On Thu, 16 Jan 2014 08:43:34 -0800, Paul Brandon wrote:
>Or maybe a really good situation, depending upon why the articles 
>were retracted.

Allow me to retort:

(1) One thing this pattern implies is that peer-review is broken
in some significant way.  It is not catching those articles that
should not be published (to echo Paul's point, this depends
upon the reason why it was retracted and I'm assuming that 
some serious error exists with the research and/or fraud and/or
other unethical conduct has caused the retraction).

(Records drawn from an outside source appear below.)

Lemma measurable_backprod n (E : T -> nat -> 'I_N -> R) x i :
  (forall k j, measurable_fun setT (fun w => E w k j)) ->
  measurable_fun setT (fun w => backprod A (E w) n x i).
Proof.
elim: n E i => [|n IH] E i mE /=; first exact: measurable_cst.
apply: measurable_sum => j; apply: measurable_funM; last exact: IH.
by apply: measurable_funM; [exact: measurable_cst | exact: mE].
Qed.

Variables (i0 : 'I_N) (r : R).
Hypotheses (A_gt0 : forall i j, 0 < A i j) (r_gt0 : 0 < r)
  (A_ratio : forall i k j, r * A k j <= A i j).
Variable E : T -> nat -> 'I_N -> R.
Hypotheses (E_meas : forall k j, measurable_fun setT (fun w => E w k j))
  (E_gt0 : forall w k, positive (E w k)).

Lemma measurable_perron i : measurable_fun setT (fun w => perron A (E w) i).
Proof.
apply: (measurable_fun_cvg (h := fun n w => perron_seq A (E w) i n)); last first.
  by move=> w _; exact: (perron_seq_cvg i0 A_gt0 r_gt0 A_ratio).
move=> n; apply: measurable_funM; first exact: measurable_backprod.
apply: measurable_funV_pos; first by apply: measurable_sum => k; exact: measurable_backprod.
move=> w; apply: (sum_gt0 i0) => k.
exact: (backprod_positive i0 A_gt0 n (E_gt0 w) (@ones_positive R N) k).
Qed.

Lemma measurable_unitv_perron i :
  measurable_fun setT (fun w => unitv (perron A (E w)) i ord0).
Proof.
under eq_fun do rewrite !mxE mulrC.
apply: measurable_funM; first exact: measurable_perron.
apply: measurable_funV_pos; first exact/measurable_vnorm/measurable_perron.
by move=> w; apply: vnorm_colv_gt0 i _; exact: (perron_positive i0 A_gt0 r_gt0 A_ratio).
Qed.

End Measurability.

Section InvariantConull.
Context d (T : measurableType d) (R : realType) (P : probability T R).

Definition orbit_avoiding (theta thi : T -> T) (Nul : set T) : set T :=
  \bigcap_k (~` (iter k theta @^-1` Nul) `&` ~` (iter k thi @^-1` Nul)).

Variables (theta thi : T -> T) (Nul : set T).

Lemma orbit_avoidingP w : orbit_avoiding theta thi Nul w <->
  forall k, ~ Nul (iter k theta w) /\ ~ Nul (iter k thi w).
Proof. by split => h k; [exact: h k I | move=> _; exact: h k]. Qed.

(2) For fans of meta-analysis, if one "captures" a study early and
does not realize that it has been retracted, then their meta-analysis
will be biased.  Just in the 200 articles I looked at, there were
several that came from the Cochrane database; for example:

WITHDRAWN: Herbal medicines for advanced colorectal cancer.
Guo Z, Jia X, Liu JP, Liao J, Yang Y.
Cochrane Database Syst Rev. 2012 Sep 12;9:CD004653. doi: 
10.1002/14651858.CD004653.pub3. Review. No abstract available. 
PMID:22972073 [PubMed - indexed for MEDLINE] 

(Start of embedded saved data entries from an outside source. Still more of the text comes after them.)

Lemma kernel_taylor_le b n s h x : 0 <= x -> Rabs h < s / 2 ->
  Rabs (kernel b n (s + h) x - kernel b n s x - h * kernel b (S n) s x)
  <= h ^ 2 * Rabs (kernel b (S (S n)) (s / 2) x).
Proof.
  intros Hx Hh. rewrite Rabs_kernel by auto. set (p := powp b x).
  assert (Hp : 0 <= p) by apply powp_ge0.
  replace (kernel b n (s + h) x - kernel b n s x - h * kernel b (S n) s x)
    with (kernel b n s x * (exp (- h * p) - 1 - (- h * p))).
  2: { unfold kernel. fold p. simpl.
       replace (- (s + h) * p) with (- s * p + - h * p) by ring. rewrite exp_plus. field. lra. }
  destruct (exp_taylor1_bound (- h * p)) as [E1 E2].
  rewrite Rabs_mult, (Rabs_pos_eq (exp _ - _ - _)), Rabs_kernel by lra. fold p.
  assert (Hq : exp (Rabs (- h * p)) <= exp (s / 2 * p)).
  { rewrite Rabs_mult, Rabs_Ropp, (Rabs_pos_eq p) by auto.
    destruct (Req_dec p 0) as [-> | Hp0]; [rewrite !Rmult_0_r; lra |].
    left. apply exp_increasing, Rmult_lt_compat_r; lra. }
  assert (Hsplit : exp (- s * p) * exp (s / 2 * p) = exp (- (s / 2) * p)).
  { rewrite <- exp_plus. f_equal. field. }
  assert (0 <= p ^ n * exp (- s * p) / (1 + x)).
  { apply Rdiv_le_0_compat; [apply Rmult_le_pos; [apply pow_le; auto | left; apply exp_pos] | lra]. }
  apply Rle_trans with (p ^ n * exp (- s * p) / (1 + x) * ((- h * p) ^ 2 * exp (s / 2 * p))).
  - apply Rmult_le_compat_l; auto. eapply Rle_trans; [apply E2 |].
    apply Rmult_le_compat_l; [apply pow2_ge_0 | auto].
  - right. rewrite <- Hsplit. simpl. field. lra.
Qed.

Lemma is_derive_kint b n s : 0 < b -> 0 < s -> is_derive (kint b n) s (kint b (S n) s).
Proof.
  intros Hb Hs. apply is_derive_Reals. intros eps Heps.
  assert (Hs2 : 0 < s / 2) by lra.
  set (M := RInt0_inf (fun x => Rabs (kernel b (S (S n)) (s / 2) x))).
  assert (HM := is_RInt0_inf_abs_kernel b (S (S n)) (s / 2) Hb Hs2). fold M in HM.
  assert (HM0 : 0 <= M) by (apply is_RInt0_inf_ge0 with (1 := HM); intros; apply Rabs_pos).
  assert (Hd : 0 < Rmin (s / 2) (eps / (M + 1))).
  { apply Rmin_pos; [lra | apply Rdiv_lt_0_compat; lra]. }
  exists (mkposreal _ Hd). intros h Hh0 Hh. simpl in Hh.
  assert (Hh1 : Rabs h < s / 2) by (eapply Rlt_le_trans; [apply Hh | apply Rmin_l]).
  assert (Hh2 : Rabs h < eps / (M + 1)) by (eapply Rlt_le_trans; [apply Hh | apply Rmin_r]).
  assert (Hsh : 0 < s + h) by (apply Rabs_lt_between in Hh1; lra).
  assert (Hrem : Rabs (kint b n (s + h) - kint b n s - h * kint b (S n) s) <= h ^ 2 * M).
  { apply (is_RInt0_inf_abs_le
             (fun x => kernel b n (s + h) x - kernel b n s x - h * kernel b (S n) s x)
             (fun x => h ^ 2 * Rabs (kernel b (S (S n)) (s / 2) x))).
    - intros x Hx. apply kernel_taylor_le; auto.
    - apply is_RInt0_inf_minus; [apply is_RInt0_inf_minus | apply is_RInt0_inf_scal];
        apply is_RInt0_inf_kernel; auto.
    - apply is_RInt0_inf_scal, HM. }
  assert (Hhp : 0 < Rabs h) by (apply Rabs_pos_lt; auto).
  replace ((kint b n (s + h) - kint b n s) / h - kint b (S n) s)
    with ((kint b n (s + h) - kint b n s - h * kint b (S n) s) / h) by (field; auto).
  unfold Rdiv. rewrite Rabs_mult, Rabs_inv.
  apply Rle_lt_trans with (Rabs h * M).
  - rewrite <- (pow2_abs h) in Hrem.
    apply Rmult_le_reg_r with (Rabs h); auto.
    rewrite Rmult_assoc, Rinv_l, Rmult_1_r by lra.
    replace (Rabs h * M * Rabs h) with (Rabs h ^ 2 * M) by ring. exact Hrem.
  - apply Rle_lt_trans with (eps / (M + 1) * M); [apply Rmult_le_compat_r; lra |].
    apply Rmult_lt_reg_r with (M + 1); [lra |].
    replace (eps / (M + 1) * M * (M + 1)) with (eps * M) by (field; lra).
    rewrite Rmult_plus_distr_l, Rmult_1_r. lra.
Qed.

Lemma Iint_kint alpha s : 2 < alpha -> 0 < s -> Iint alpha s = kint (2 / alpha) 0 s.
Proof.
  intros Ha Hs. assert (Hb : 0 < 2 / alpha) by (apply Rdiv_lt_0_compat; lra).
  unfold Iint. apply is_RInt_gen_unique.
  apply is_RInt0_inf_RInt_gen with (kernel (2 / alpha) 0 s).
  - apply is_RInt0_inf_kernel; auto.
  - intros x Hx. unfold kernel. rewrite powp_pos by auto. simpl. rewrite Rmult_1_l. reflexivity.
Qed.

Lemma Derive_n_chain (f : R -> R) (G : nat -> R -> R) :
  (forall k x, 0 < x -> is_derive (G k) x (G (S k) x)) -> (forall x, 0 < x -> f x = G 0%nat x) ->
  forall n x, 0 < x -> Derive_n f n x = G n x /\ ex_derive_n f n x.
Proof.
  intros HG Hf n. induction n as [| n IH]; intros x Hx; [split; auto; exact I |].
  assert (Hd : is_derive (Derive_n f n) x (G (S n) x)).
  { apply is_derive_ext_loc with (G n); auto.
    exists (mkposreal x Hx). intros y Hy. change (Rabs (y - x) < x) in Hy.
    apply Rabs_lt_between in Hy. symmetry. apply IH. lra. }
  split; [apply is_derive_unique, Hd | exists (G (S n) x); exact Hd].
Qed.

(* [Uderiv b c k] is the [k]-th derivative of [L |-> L * kint b 0 (L + c)] (Leibniz rule). *)
Definition Uderiv (b c : R) (k : nat) (L : R) : R :=
  L * kint b k (L + c) + INR k * kint b (pred k) (L + c).

Lemma is_derive_Uderiv b c k L : 0 < b -> 0 < c -> 0 < L ->
  is_derive (Uderiv b c k) L (Uderiv b c (S k) L).
Proof.
  intros Hb Hc HL.
  assert (Hshift : forall m, is_derive (fun y => kint b m (y + c)) L (kint b (S m) (L + c))).
  { intro m. apply is_derive_Reals. rewrite <- (Rmult_1_r (kint b (S m) (L + c))).
    apply (derivable_pt_lim_comp (fun y => y + c) (kint b m)).
    - apply is_derive_Reals. auto_derive; auto.
    - apply is_derive_Reals, is_derive_kint; lra. }
  unfold Uderiv.
  replace (L * kint b (S k) (L + c) + INR (S k) * kint b (pred (S k)) (L + c))
    with ((1 * kint b k (L + c) + L * kint b (S k) (L + c)) + INR k * kint b (S (pred k)) (L + c)).
  2: { rewrite S_INR. destruct k; simpl; ring. }
  apply is_derive_Reals, derivable_pt_lim_plus; apply is_derive_Reals.
  - apply (is_derive_mult (fun y : R => y) (fun y => kint b k (y + c))); [| apply Hshift | apply Rmult_comm].
    auto_derive; auto.
  - apply (is_derive_scal (fun y => kint b (pred k) (y + c))), Hshift.
Qed.

Definition gam (b : R) (n : nat) (t : R) : R := powp b t ^ n * exp (- powp b t).

Lemma gam_ge0 b n t : 0 <= gam b n t.
Proof. apply Rmult_le_pos; [apply pow_le, powp_ge0 | left; apply exp_pos]. Qed.

Lemma continuous_gam b n x : 0 < b -> continuous (gam b n) x.
Proof.
  intro Hb. apply (continuous_comp_powp (fun p => p ^ n * exp (- p))); auto.
  intro p. auto_derive. auto.
Qed.

Lemma gam_decay b n : 0 < b -> exists C, forall x, 0 <= x -> (1 + x) ^ 3 * gam b n x <= C.
Proof.
  intro Hb. destruct (powp_moment_decay b n 1 Hb Rlt_0_1) as [C HC]. exists C.
  intros x Hx. unfold gam. rewrite <- (Rmult_1_l (powp b x)) at 2.
  rewrite Ropp_mult_distr_l. auto.
Qed.

Lemma is_RInt0_inf_gam b n : 0 < b -> is_RInt0_inf (gam b n) (RInt0_inf (gam b n)).
Proof.
  intro Hb. destruct (gam_decay b n Hb) as [C HC].
  apply is_RInt0_inf_of_decay with C; [intros; apply continuous_gam; auto |].
  intros x Hx. rewrite Rabs_pos_eq by apply gam_ge0.
  eapply Rle_trans; [apply pow2_mul_le_pow3_mul, gam_ge0 | apply HC]; auto.
Qed.

Definition weight (b t : R) : R := exp (- powp b t) * (1 - powp b t).

Lemma continuous_weight b x : 0 < b -> continuous (weight b) x.
Proof.
  intro Hb. apply (continuous_comp_powp (fun p => exp (- p) * (1 - p))); auto.
  intro p. auto_derive. auto.
Qed.

Definition ekernel (b a u t : R) : R := weight b t * exp (- a * powp b t) / (1 + u * t).

Definition eint (b a u : R) : R := RInt0_inf (ekernel b a u).

Lemma Rabs_weight_le b t : Rabs (weight b t) <= gam b 0 t + gam b 1 t.
Proof.
  unfold weight, gam. assert (Hp := powp_ge0 b t). assert (He := exp_pos (- powp b t)).
  rewrite Rabs_mult, Rabs_pos_eq by lra. simpl. rewrite Rmult_1_r.
  assert (Rabs (1 - powp b t) <= 1 + powp b t) by (apply Rabs_le; lra). nra.
Qed.

Lemma continuous_ekernel b a u x : 0 < b -> 0 <= u -> 0 <= x -> continuous (ekernel b a u) x.
Proof.
  intros Hb Hu Hx. unfold ekernel.
  apply (continuous_mult (fun t => weight b t * exp (- a * powp b t)) (fun t => / (1 + u * t))).
  - apply (continuous_mult (weight b) (fun t => exp (- a * powp b t))).
    + apply continuous_weight, Hb.
    + apply (continuous_comp_powp (fun p => exp (- a * p))); auto. intro p. auto_derive. auto.
  - apply continuous_Rinv_comp; [apply continuous_of_ex_derive; auto_derive; auto | nra].
Qed.

Lemma Rabs_ekernel_le b a u t : 0 <= a -> 0 <= u -> 0 <= t ->
  Rabs (ekernel b a u t) <= gam b 0 t + gam b 1 t.
Proof.
  intros Ha Hu Ht. unfold ekernel, Rdiv.
  assert (Hp := powp_ge0 b t).
  assert (He : exp (- a * powp b t) <= 1) by (rewrite <- exp_0; apply exp_le_compat; nra).
  assert (Hi : 0 < / (1 + u * t) <= 1).
  { split; [apply Rinv_0_lt_compat; nra |]. rewrite <- Rinv_1. apply Rinv_le_contravar; nra. }
  rewrite !Rabs_mult, (Rabs_pos_eq (exp _)), (Rabs_pos_eq (/ _)) by (try left; try apply exp_pos; lra).
  assert (Hw := Rabs_weight_le b t). assert (Hw0 := Rabs_pos (weight b t)).
  assert (H0 := exp_pos (- a * powp b t)).
  apply Rle_trans with (Rabs (weight b t) * 1 * 1); [| lra].
  apply Rmult_le_compat; try lra; [apply Rmult_le_pos; lra |]. apply Rmult_le_compat_l; lra.
Qed.

Lemma is_RInt0_inf_ekernel b a u : 0 < b -> 0 <= a -> 0 <= u ->
  is_RInt0_inf (ekernel b a u) (eint b a u).
Proof.
  intros Hb Ha Hu. destruct (gam_decay b 0 Hb) as [C0 H0]. destruct (gam_decay b 1 Hb) as [C1 H1].
  apply is_RInt0_inf_of_decay with (C0 + C1); [intros; apply continuous_ekernel; auto |].
  intros x Hx. specialize (H0 x Hx). specialize (H1 x Hx).
  assert (G0 := gam_ge0 b 0 x). assert (G1 := gam_ge0 b 1 x).
  apply Rle_trans with ((1 + x) ^ 2 * (gam b 0 x + gam b 1 x)).
  - apply Rmult_le_compat_l; [apply pow_le; lra | apply Rabs_ekernel_le; auto].
  - eapply Rle_trans; [apply pow2_mul_le_pow3_mul; auto; lra | lra].
Qed.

One wonders what happens to published meta-analysis if one or 
more studies are retracted?  Who changes the paper copies?

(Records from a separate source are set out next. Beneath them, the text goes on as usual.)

(* Let $A$ be any of $L_d$, $C_d$ ($d\in\{2,3,\dots\}$), or $L_\infty$, and let $p\in[1,\infty)\setminus\{2\}$. Then there exists an injective free spatial representation of $A$ on $l^p(\mathbb{Z}_{>0})$.
   Context: $L_d$ is the universal complex unital algebra generated by $s_1,\dots,s_d,t_1,\dots,t_d$ with $t_js_j=1$, $t_js_k=0$ ($j\ne k$), $\sum_js_jt_j=1$; $C_d$ has the same generators with only $t_js_j=1$, $t_js_k=0$ ($j\ne k$); $L_\infty$ is on $s_1,s_2,\dots,t_1,t_2,\dots$ with $t_js_j=1$, $t_js_k=0$ ($j\ne k$). A representation is a unital algebra homomorphism into $L(E)$. A representation $\rho$ on $L^p(X,\mu)$ is free if there is a measurable partition $X=\coprod_{m\in\mathbb{Z}}E_m$ with $\rho(s_j)(L^p(E_m,\mu))\subset L^p(E_{m+1},\mu)$ and $\rho(t_j)(L^p(E_m,\mu))\subset L^p(E_{m-1},\mu)$ for all $m$ and $j$ (here $L^p(E,\mu)$ is the subspace of functions vanishing off $E$). $\rho$ is spatial if each $\rho(s_j)$, $\rho(t_j)$ is a spatial partial isometry with $\rho(t_j)$ the reverse of $\rho(s_j)$. Spatial partial isometries: Let $(X,\mathcal{B},\mu)$, $(Y,\mathcal{C},\nu)$ be $\sigma$-finite measure spaces, $\mathcal{N}(\mu)$ the $\mu$-null sets, $\mathcal{B}/\mathcal{N}(\mu)$ the Boolean $\sigma$-algebra of measurable sets modulo null sets. A measurable set transformation is a map $S\colon\mathcal{B}/\mathcal{N}(\mu)\to\mathcal{C}/\mathcal{N}(\nu)$ which is a Boolean algebra homomorphism preserving countable unions; it induces a unique linear map $S_*$ on measurable functions mod a.e. equality with $S_*(\chi_E)=\chi_{S(E)}$ preserving a.e. limits of sequences; for bijective $S$, $S_*(\mu)(F)=\mu(E)$ when $S([E])=[F]$. A spatial system is $(E,F,S,g)$ with $E\in\mathcal{B}$, $F\in\mathcal{C}$, $S$ a bijective measurable set transformation from $(E,\mu|_E)$ to $(F,\nu|_F)$, $g$ measurable on $F$ with $|g|=1$ a.e.; the associated spatial partial isometry is $(s\xi)(y)=g(y)[\tfrac{dS_*(\mu|_E)}{d\nu|_F}(y)]^{1/p}S_*(\xi|_E)(y)$ on $F$ and $0$ off $F$; its reverse has spatial system $(F,E,S^{-1},(S^{-1})_*(g)^{-1})$. *)

From Stdlib Require Import Bool Reals ZArith.
Open Scope R_scope.

Definition C : Type := (R * R)%type.
Definition C0 : C := (0, 0).
Definition C1 : C := (1, 0).
Definition RtoC (r : R) : C := (r, 0).
Definition Cadd (z w : C) : C := (fst z + fst w, snd z + snd w).
Definition Cmul (z w : C) : C :=
  (fst z * fst w - snd z * snd w, fst z * snd w + snd z * fst w).
Definition Copp (z : C) : C := (- fst z, - snd z).
Definition Cmod (z : C) : R := sqrt (fst z ^ 2 + snd z ^ 2).
Definition Cinv (z : C) : C :=
  (fst z / (fst z ^ 2 + snd z ^ 2), - snd z / (fst z ^ 2 + snd z ^ 2)).
Definition Cconv (u : nat -> C) (l : C) : Prop :=
  Un_cv (fun n => fst (u n)) (fst l) /\ Un_cv (fun n => snd (u n)) (snd l).

(** real power with the convention 0^y = 0 (x <= 0 gives 0) *)
Definition rpow (x y : R) : R := if Rle_dec x 0 then 0 else Rpower x y.

(** * The measure space: X = Z_{>0}, encoded as nat (n stands for n+1),
    with counting measure. Every subset is measurable, the only null set is
    the empty set, so B/N(mu) is the power set; subsets are nat -> bool. *)
Definition nset := nat -> bool.
Definition subset (A B : nset) : Prop := forall x, A x = true -> B x = true.
Definition seteq (A B : nset) : Prop := forall x, A x = B x.
Definition indic (A : nset) : nat -> C := fun x => if A x then C1 else C0.
Definition restrict (A : nset) (f : nat -> C) : nat -> C :=
  fun x => if A x then f x else C0.

Fixpoint psum (f : nat -> R) (A : nset) (n : nat) : R :=
  match n with
  | O => 0
  | Datatypes.S m => psum f A m + (if A m then f m else 0)
  end.

(** For nonnegative f, g: sum_{x in A} f x = sum_{y in B} g y in [0, oo]
    (both partial-sum sequences are nondecreasing, so they either converge
    to the same limit or both diverge). *)
Definition ext_sum_eq (f : nat -> R) (A : nset) (g : nat -> R) (B : nset) : Prop :=
  forall l, Un_cv (psum f A) l <-> Un_cv (psum g B) l.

(3) I am amazed at there are several articles that are published
"online/Epub" before coming out in paper version.  Consider:

WITHDRAWN: Blm10-proteasomes antagonize mitochondrial 
fission through degradation of Dnm1.
Tar K, Dange T, Yang C, Yao Y, Bulteau AL, Fernandez Salcedo E, 
Braigen S, Bouillaud F, Finley D, Schmidt M.
J Biol Chem. 2014 Jan 8. [Epub ahead of print]
PMID:24285543 [PubMed - as supplied by publisher]  Free Article

I chose this article because PubMed made it freely available as
an Epub (the "Free Article" identifies this; clicking on it now goes
to the publisher's website which indicates that the article has been
retracted but how many people got copies of the article before it
was retracted?).

The "good" aspect is that these research articles were caught but it
does raise question of what percentage are "misses".

I think there's trouble in River City.

-Mike Palij
New York University
[email protected]



On Jan 16, 2014, at 10:18 AM, Mike Palij wrote:

> While looking through www.researchgate.net, I came across an
> article reference that began with the word "WITHDRAWN".
> I interpreted this to mean that the article had been retracted from
> the journal it had been published in for whatever reason (following
> through to the publishers website, there was a vaguely worded
> statement that the author had withdrawn the article consistent
> with some of the publisher's legalese points).  I thought that this
> was a bit odd (e.g., that it was on researchgate which exists
> primarily as a self-promotional platform) and decided to go over
> to Medline/PubMed to see if there were any other article with
> this designation (the article was in a biomedical research area).
> I searched for "WITHDRAWN" in the title of the article and as
> of about 10 minutes ago, there were 1765 hits. PubMed does
> not provide stable URL for searches like this, so, the interested
> reader is encouraged to go to www.pubmed.gov and do the
> search themselves.  Now, it is true that only those articles with
> WITHDRAWN at the beginning of the title appear to be
> retractions and there are some article titles that have withdrawn
> as a legitimate part of the title.  Nonetheless, I set the number
> of articles per page to 200/page and it is clear that 80-90% of
> the articles are retractions (some have "article withdrawn" instead).
>  
> The truly weird part is that in the first 200 articles listed (sorted
> by recently added) the oldest article is from August 2012 --
> the rest of the articles are retractions from 2012-2013.
>  
> WTF!?!
>  
> Am I overreacting to this or is this a really, really bad situation?